[Assignment] Could the lines from the one with "(* The ground" through the end of the listing be restated exactly, with nothing else included?

[Provided records]
(* If S is the support of column j of M(A_k^t), this is the support of column j
   of M(A_k^(t+1)); the two disjuncts come from the entries of type (a) and (b). *)
Definition supp_step n q r (S : {set 'I_n}) : {set 'I_n} :=
  [set u | [exists w in S, mu1 u w]
        || [&& [exists w in S, w == pair_lo n q r :> nat],
               [exists w in S, w == pair_hi n r :> nat] & ~~ excluded_row n q r u]].

(* [cyc_arc n c e] is the cyclic interval of the c+2 indices ending at e. *)
Definition on_arc n c e v : bool :=
  (v <= e <= v + c + 1) || (e < v) && (e + n <= v + c + 1).

Definition cyc_arc n c e : {set 'I_n} := [set w : 'I_n | on_arc n c e w].

Section AkColumns.
Variables n q r : nat.
Hypotheses (r_gt0 : 0 < r) (r_lt_n : r < n) (q_small : q + 3 <= n).

Local Notation step := (@supp_step n q r).
Local Notation lo := (pair_lo n q r).

Lemma pair_hiE : pair_hi n r = r.-1.
Proof. by apply: idx_eq; [lia | left; lia]. Qed.

Lemma pair_lo_spec : lo < n /\ (lo + q + 2 = r \/ lo + q + 2 = n + r).
Proof.
case: (leqP (q + 2) r) => qr.
  by rewrite /pair_lo (@idx_eq n _ (r - q - 2)); [lia | lia | left; lia].
by rewrite /pair_lo (@idx_eq n _ (n + r - q - 2)); [lia | lia | right; lia].
Qed.
(* Let $\mathcal{I}$ be an interval hypergraph on $[n]$ closed under intersection. Then for every $j\in\mathcal{J}_{\mathcal{I}}$, the acyclic orientation $A_j$ is join irreducible in the lattice $P_{\mathcal{I}}$.
   Context: An interval hypergraph $\mathcal{I}$ on $[n]$ is a collection of intervals of $[n]$ containing all singletons; it is closed under intersection if $I,J\in\mathcal{I}$, $I\cap J\ne\varnothing$ imply $I\cap J\in\mathcal{I}$. An orientation is a map $O:\mathcal{I}\to[n]$ with $O(I)\in I$; it is acyclic if there are no $H_1,\dots,H_k$, $k\ge2$, with $O(H_{i+1})\in H_i\setminus\{O(H_i)\}$ for $i\in[k-1]$ and $O(H_1)\in H_k\setminus\{O(H_k)\}$. Orientations $O\ne O'$ are related by an increasing flip (from $O$ to $O'$) if there exist $1\le i<j\le n$ such that for all $H$: if $O(H)\ne O'(H)$ then $O(H)=i$, $O'(H)=j$; and if $\{i,j\}\subseteq H$ then $O(H)=i\iff O'(H)=j$. $P_{\mathcal{I}}$ is the transitive closure of the increasing flip relation on acyclic orientations (a lattice here). Let $\mathcal{J}_{\mathcal{I}}=\bigcup_{I\in\mathcal{I}}I\setminus\{\min I\}$. For $j\in\mathcal{J}_{\mathcal{I}}$ let $J_j=\bigcap\{I\in\mathcal{I}: j\in I\setminus\{\min I\}\}$ and $\mu_j=\min J_j$. For a permutation $\pi$, $\mathrm{Or}_\pi(I)=\pi(\min\{k:\pi(k)\in I\})$. Define $A_j=\mathrm{Or}_\pi$ for the permutation $\pi=1\,2\cdots(\mu_j-1)\,j\,\mu_j\cdots(j-1)\,(j+1)\cdots n$ (one-line notation); explicitly $A_j(J)=j$ if $j\in J$ and $\min J=\mu_j$, and $A_j(J)=\min J$ otherwise. An element of a lattice is join irreducible if it is not the minimum and covers exactly one element. *)

(* The ground set [n] = {1,...,n} is represented by 'I_n
   = {0,...,n-1} with its natural order (shift by one; only the order matters). *)
From mathcomp Require Import all_boot.
From Stdlib Require Import Relations.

[Solution below]
(* The ground set [n] = {1,...,n} is represented by 'I_n
   = {0,...,n-1} with its natural order (shift by one; only the order matters). *)
From mathcomp Require Import all_boot.
From Stdlib Require Import Relations.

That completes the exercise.